▶ [PROBLEM]:
Set out exactly every line of the entries below, starting at the line that holds "Proof. by rewrite -(scale0r 0) NZ" and stopping after the line that holds "by apply: ge_sup ub_a; exists a.".

▶ [THE RECORDS]:
(* Let $\mathcal{X}\subseteq\{0,1\}^n$ be nonempty, $\hat c\in\mathbb{R}^n$, $C\in\mathbb{R}^{n\times m}$, and for $\lambda\ge 0$ let $\mathcal{U}(\lambda)=\{\hat c+C\xi:\xi\in\mathbb{R}^m,\ \|\xi\|_2\le\lambda\}$. Let $\Lambda\subseteq\mathbb{R}_{\ge 0}$ and $w:\Lambda\to\mathbb{R}_{\ge0}$ be such that $\int_\Lambda w(\lambda)\,d\lambda$ and $\int_\Lambda \lambda w(\lambda)\,d\lambda$ are finite, and define \[ val(x)=\int_\Lambda w(\lambda)\Big(\max_{c\in\mathcal{U}(\lambda)} c^t x\Big)\,d\lambda . \] Then there exists $\lambda'\ge 0$ such that every optimal solution of the single robust problem $\min_{x\in\mathcal{X}}\max_{c\in\mathcal{U}(\lambda')}c^tx$ is an optimal solution of $\min_{x\in\mathcal{X}} val(x)$; that is, an optimal solution of the latter problem can be found by solving a single robust problem with ellipsoidal uncertainty.
   Context: This is the compromise approach to variable-sized (ellipsoidal) uncertainty for min-max robust combinatorial optimization with nominal problem $\min\{c^tx:x\in\mathcal{X}\}$. *)

From HB Require Import structures.
From mathcomp Require Import all_boot all_order all_algebra.
From mathcomp Require Import all_classical all_reals all_analysis.
Set Implicit Arguments. Unset Strict Implicit. Unset Printing Implicit Defensive.
Import Order.TTheory GRing.Theory Num.Theory.
Local Open Scope classical_set_scope.
Local Open Scope ring_scope.

Definition vec01 (R : realType) (n : nat) (x : {ffun 'I_n -> bool}) : 'cV[R]_n :=
  \col_i (x i)%:R.

Definition dotv (R : realType) (n : nat) (c x : 'cV[R]_n) : R :=
  \sum_(i < n) c i 0 * x i 0.

Definition norm2 (R : realType) (m : nat) (xi : 'cV[R]_m) : R :=
  Num.sqrt (\sum_(i < m) xi i 0 ^+ 2).

Definition Uset (R : realType) (n m : nat) (hatc : 'cV[R]_n) (C : 'M[R]_(n, m))
  (lam : R) : set 'cV[R]_n :=
  [set hatc + C *m xi | xi in [set xi : 'cV[R]_m | norm2 xi <= lam]].

(* worst-case objective max_{c in U(lambda)} c^t x (as a supremum; the set is
   compact and nonempty for lambda >= 0, so this is the maximum) *)
Definition robval (R : realType) (n m : nat) (hatc : 'cV[R]_n) (C : 'M[R]_(n, m))
  (lam : R) (x : {ffun 'I_n -> bool}) : R :=
  sup [set dotv c (vec01 R x) | c in Uset hatc C lam].

Definition valf (R : realType) (n m : nat) (hatc : 'cV[R]_n) (C : 'M[R]_(n, m))
  (Lam : set R) (w : R -> R) (x : {ffun 'I_n -> bool}) : \bar R :=
  (\int[@lebesgue_measure R]_(l in Lam) (w l * robval hatc C l x)%:E)%E.

Definition is_opt (T : finType) (d : Order.disp_t) (V : porderType d) (X : {set T}) (f : T -> V) (x : T) : Prop :=
  x \in X /\ forall y, y \in X -> (f x <= f y)%O.

From HB Require Import structures.
From mathcomp Require Import all_boot all_order all_algebra.
From mathcomp Require Import all_classical all_reals all_analysis.
From mathcomp Require Import measurable_realfun.
From mathcomp Require Import ring.
Import Order.TTheory GRing.Theory Num.Theory.
Local Open Scope classical_set_scope.
Local Open Scope ring_scope.

(* For lambda >= 0 the worst case over U(lambda) is affine in lambda:
   max_{c in U(lambda)} c^t x = hatc^t x + lambda * beta(x), where beta(x) is
   the supremum of (C xi)^t x over the unit ball.  Integrating against w gives
   val(x) = W * hatc^t x + L * beta(x) with W = int w and L = int lambda w,
   i.e. val(x) = W * robval(L / W)(x), a nonnegative multiple of the robust
   objective at the weighted mean lambda' = L / W.  If W = 0, then w vanishes
   almost everywhere, so L = 0 and val is identically 0. *)

Lemma is_opt_homo (T : finType) (d d' : Order.disp_t) (V : porderType d)
    (V' : porderType d') (X : {set T}) (f : T -> V) (g : T -> V') (x : T) :
  (forall y z, (f y <= f z)%O -> (g y <= g z)%O) ->
  is_opt X f x -> is_opt X g x.
Proof. by move=> fg [xX xopt]; split=> // y /xopt /fg. Qed.

Section affine_sup.
Context {R : realType}.

Lemma sup_affine (A : set R) (a k : R) : 0 < k -> has_sup A ->
  sup [set a + k * t | t in A] = a + k * sup A.
Proof.
move=> k_gt0 [[t0 At0] ubA]; have supA := ub_le_sup ubA.
have ub_image : ubound [set a + k * t | t in A] (a + k * sup A).
  by move=> _ [t At <-]; rewrite lerD2l ler_pM2l //; exact: supA.
have nz_image : [set a + k * t | t in A] !=set0 by exists (a + k * t0), t0.
apply/le_anti/andP; split; first exact: ge_sup.
rewrite -lerBrDl mulrC -ler_pdivlMr //; apply: ge_sup => [|t At]; first by exists t0.
rewrite ler_pdivlMr // lerBrDl mulrC.
by apply: ub_le_sup; [exists (a + k * sup A) | exists t].
Qed.

Variables (V : lmodType R) (N : V -> R) (f : V -> R) (K : R).
Hypotheses (NZ : forall k v, N (k *: v) = `|k| * N v)
           (fZ : forall k v, f (k *: v) = k * f v)
           (K_ge0 : 0 <= K) (f_le : forall v, f v <= K * N v).

Let N0 : N 0 = 0.
Proof. by rewrite -(scale0r 0) NZ normr0 mul0r. Qed.

Let f0 : f 0 = 0.
Proof. by rewrite -(scale0r 0) fZ mul0r. Qed.

Lemma has_sup_unit_ball : has_sup [set f v | v in [set v | N v <= 1]].
Proof.
split; first by exists (f 0), 0; rewrite //= N0.
exists K => _ [v Nv1 <-]; apply: le_trans (f_le v) _.
by rewrite -[leRHS]mulr1 ler_wpM2l.
Qed.

Lemma sup_affine_ball (a l : R) : 0 <= l ->
  sup [set a + f v | v in [set v | N v <= l]] =
  a + l * sup [set f v | v in [set v | N v <= 1]].
Proof.
rewrite le_eqVlt => /orP[/eqP <-|l_gt0].
  have ub_a : ubound [set a + f v | v in [set v | N v <= 0]] a.
    move=> _ [v Nv0 <-]; rewrite gerDl; apply: le_trans (f_le v) _.
    exact: mulr_ge0_le0.
  have a_in : [set a + f v | v in [set v | N v <= 0]] a.
    by exists 0; [rewrite /= N0 | rewrite f0 addr0].
  rewrite mul0r addr0; apply/le_anti/andP; split.
    by apply: ge_sup ub_a; exists a.
  by apply: ub_le_sup; first exists a.
have l_ge0 := ltW l_gt0.
rewrite -sup_affine //; last exact: has_sup_unit_ball.
congr sup; apply/seteqP; split=> [_ [v /= Nv <-]|_ [_ [v /= Nv <-] <-]].
- exists (f (l^-1 *: v)); last by rewrite fZ mulrA divff ?mul1r ?gt_eqF.
  exists (l^-1 *: v) => //=.
  by rewrite NZ ger0_norm ?invr_ge0 // ler_pdivrMl // mulr1.
- exists (l *: v); last by rewrite fZ.
  by rewrite /= NZ ger0_norm // ler_piMr.
Qed.

End affine_sup.

Section ellipsoid.
Context {R : realType} {n m : nat}.
Implicit Types (xi : 'cV[R]_m) (c v : 'cV[R]_n).

Lemma dotvDl c1 c2 v : dotv (c1 + c2) v = dotv c1 v + dotv c2 v.
Proof. by rewrite /dotv -big_split; apply: eq_bigr => i _; rewrite mxE mulrDl. Qed.

Lemma dotvZl (k : R) c v : dotv (k *: c) v = k * dotv c v.
Proof. by rewrite /dotv mulr_sumr; apply: eq_bigr => i _; rewrite mxE mulrA. Qed.

Lemma norm2Z (k : R) xi : norm2 (k *: xi) = `|k| * norm2 xi.
Proof.
rewrite /norm2 (eq_bigr (fun i => k ^+ 2 * xi i 0 ^+ 2)); last first.
  by move=> i _; rewrite mxE exprMn.
by rewrite -mulr_sumr sqrtrM ?sqr_ge0 // sqrtr_sqr.
Qed.

Lemma coord_le_norm2 xi j : `|xi j 0| <= norm2 xi.
Proof.
rewrite /norm2 -sqrtr_sqr; apply: ler_wsqrtr.
by rewrite (bigD1 j) //= lerDl; apply: sumr_ge0 => i _; exact: sqr_ge0.
Qed.

Lemma dotv_mulmx_le (C : 'M[R]_(n, m)) v xi :
  dotv (C *m xi) v <= (\sum_i \sum_j `|C i j| * `|v i 0|) * norm2 xi.
Proof.
apply: le_trans (ler_norm _) _; rewrite /dotv mulr_suml.
apply: le_trans (ler_norm_sum _ _ _) _; apply: ler_sum => i _.
rewrite mxE !mulr_suml; apply: le_trans (ler_norm_sum _ _ _) _.
apply: ler_sum => j _; rewrite !normrM [leRHS]mulrAC.
by apply: ler_wpM2r => //; apply: ler_wpM2l => //; exact: coord_le_norm2.
Qed.

Definition robslope (C : 'M[R]_(n, m)) (x : {ffun 'I_n -> bool}) : R :=
  sup [set dotv (C *m xi) (vec01 R x) | xi in [set xi | norm2 xi <= 1]].

Lemma robvalE (hatc : 'cV[R]_n) (C : 'M[R]_(n, m)) (l : R) x : 0 <= l ->
  robval hatc C l x = dotv hatc (vec01 R x) + l * robslope C x.
Proof.
move=> l_ge0; rewrite /robval /Uset image_comp.
under eq_imagel do rewrite /= dotvDl.
apply: (@sup_affine_ball R _ _ _ _ norm2Z _ _ (dotv_mulmx_le C (vec01 R x))) => //.
- by move=> k xi; rewrite -scalemxAr dotvZl.
- by apply: sumr_ge0 => i _; apply: sumr_ge0 => j _; rewrite mulr_ge0.
Qed.

End ellipsoid.

Lemma integral_mul_eq0 (R : realType) d (T : measurableType d)
    (mu : {measure set T -> \bar R}) (D : set T) (f g : T -> R) :
  measurable D -> (forall t, D t -> 0 <= f t) ->
  measurable_fun D (fun t => (f t)%:E) ->
  measurable_fun D (fun t => (g t * f t)%:E) ->
  (\int[mu]_(t in D) (f t)%:E = 0)%E ->
  (\int[mu]_(t in D) (g t * f t)%:E = 0)%E.
Proof.
move=> mD f_ge0 mf mgf intf0.
have f_ae0 : ae_eq mu D (fun t => (f t)%:E) (cst 0%E).
  apply/(ae_eq_integral_abs mu mD mf); rewrite -intf0.
  by apply: eq_integral => t /set_mem Dt; rewrite gee0_abs // lee_fin f_ge0.
rewrite (ae_eq_integral (cst 0%E)) ?integral0 //.
by apply: filterS f_ae0 => t f0 Dt; rewrite /= EFinM (f0 Dt) mule0.
Qed.

(* When w vanishes a.e. both integrals are 0 and this is 0 / 0 = 0. *)
Definition mean_lambda {R : realType} (Lam : set R) (w : R -> R) : R :=
  fine (\int[@lebesgue_measure R]_(l in Lam) (l * w l)%:E)%E /
  fine (\int[@lebesgue_measure R]_(l in Lam) (w l)%:E)%E.

Section weighted_value.
Context {R : realType} {n m : nat}.
Variables (hatc : 'cV[R]_n) (C : 'M[R]_(n, m)).
Variables (Lam : set R) (w : R -> R).
Hypotheses (mLam : measurable Lam) (Lam_ge0 : Lam `<=` [set l | 0 <= l])
           (w_ge0 : forall l, Lam l -> 0 <= w l)
           (int_w : (@lebesgue_measure R).-integrable Lam (fun l => (w l)%:E))
           (int_lw : (@lebesgue_measure R).-integrable Lam (fun l => (l * w l)%:E)).

Let W := (\int[@lebesgue_measure R]_(l in Lam) (w l)%:E)%E.
Let L := (\int[@lebesgue_measure R]_(l in Lam) (l * w l)%:E)%E.

Let W_fin : W \is a fin_num. Proof. exact: integrable_fin_num. Qed.
Let L_fin : L \is a fin_num. Proof. exact: integrable_fin_num. Qed.

Lemma mean_lambda_ge0 : 0 <= mean_lambda Lam w.
Proof.
by apply: divr_ge0; apply: fine_ge0; apply: integral_ge0 => l Ll;
  rewrite lee_fin ?mulr_ge0 ?w_ge0 ?Lam_ge0.
Qed.

Lemma valf_affine x : valf hatc C Lam w x =
  (fine W * dotv hatc (vec01 R x) + fine L * robslope C x)%:E.
Proof.
rewrite /valf EFinD !EFinM (fineK W_fin) (fineK L_fin).
rewrite [(W * _)%E]muleC [(L * _)%E]muleC -!integralZl //.
rewrite -integralD //; try exact: integrableZl.
apply: eq_integral => l /set_mem Ll; rewrite robvalE ?Lam_ge0 //.
by rewrite -!EFinM -EFinD; congr (_%:E); ring.
Qed.

Lemma valfE x : valf hatc C Lam w x =
  (fine W * robval hatc C (mean_lambda Lam w) x)%:E.
Proof.
rewrite valf_affine robvalE ?mean_lambda_ge0 // /mean_lambda -/W -/L.
have [W0|W_neq0] := eqVneq (fine W) 0.
  have L0 : L = 0%E.
    apply: integral_mul_eq0 (measurable_int _ int_lw) _ => //.
      exact: measurable_int int_w.
    by change (W = 0%E); rewrite -(fineK W_fin) W0.
  by rewrite W0 L0 /= !mul0r addr0.
by congr (_%:E); field.
Qed.

End weighted_value.

Theorem theorem2 (R : realType) (n m : nat) (X : {set {ffun 'I_n -> bool}})
  (hatc : 'cV[R]_n) (C : 'M[R]_(n, m)) (Lam : set R) (w : R -> R) :
  (exists x0, x0 \in X) ->
  measurable Lam ->
  Lam `<=` [set l | 0 <= l] ->
  (forall l, Lam l -> 0 <= w l) ->
  (@lebesgue_measure R).-integrable Lam (fun l => (w l)%:E) ->
  (@lebesgue_measure R).-integrable Lam (fun l => (l * w l)%:E) ->
  exists lam' : R, 0 <= lam' /\
    forall x, is_opt X (robval hatc C lam') x ->
              is_opt X (valf hatc C Lam w) x.
Proof.
move=> _ mLam Lam_ge0 w_ge0 int_w int_lw.
exists (mean_lambda Lam w); split; first exact: mean_lambda_ge0.
move=> x; apply: is_opt_homo => y z le_yz.
rewrite !(valfE hatc C Lam w mLam Lam_ge0 w_ge0 int_w int_lw) lee_fin.
rewrite ler_wpM2l //; apply/fine_ge0/integral_ge0 => l Ll.
by rewrite lee_fin w_ge0.
Qed.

▶ [ANSWER BOX]:
Proof. by rewrite -(scale0r 0) NZ normr0 mul0r. Qed.

Let f0 : f 0 = 0.
Proof. by rewrite -(scale0r 0) fZ mul0r. Qed.

Lemma has_sup_unit_ball : has_sup [set f v | v in [set v | N v <= 1]].
Proof.
split; first by exists (f 0), 0; rewrite //= N0.
exists K => _ [v Nv1 <-]; apply: le_trans (f_le v) _.
by rewrite -[leRHS]mulr1 ler_wpM2l.
Qed.

Lemma sup_affine_ball (a l : R) : 0 <= l ->
  sup [set a + f v | v in [set v | N v <= l]] =
  a + l * sup [set f v | v in [set v | N v <= 1]].
Proof.
rewrite le_eqVlt => /orP[/eqP <-|l_gt0].
  have ub_a : ubound [set a + f v | v in [set v | N v <= 0]] a.
    move=> _ [v Nv0 <-]; rewrite gerDl; apply: le_trans (f_le v) _.
    exact: mulr_ge0_le0.
  have a_in : [set a + f v | v in [set v | N v <= 0]] a.
    by exists 0; [rewrite /= N0 | rewrite f0 addr0].
  rewrite mul0r addr0; apply/le_anti/andP; split.
    by apply: ge_sup ub_a; exists a.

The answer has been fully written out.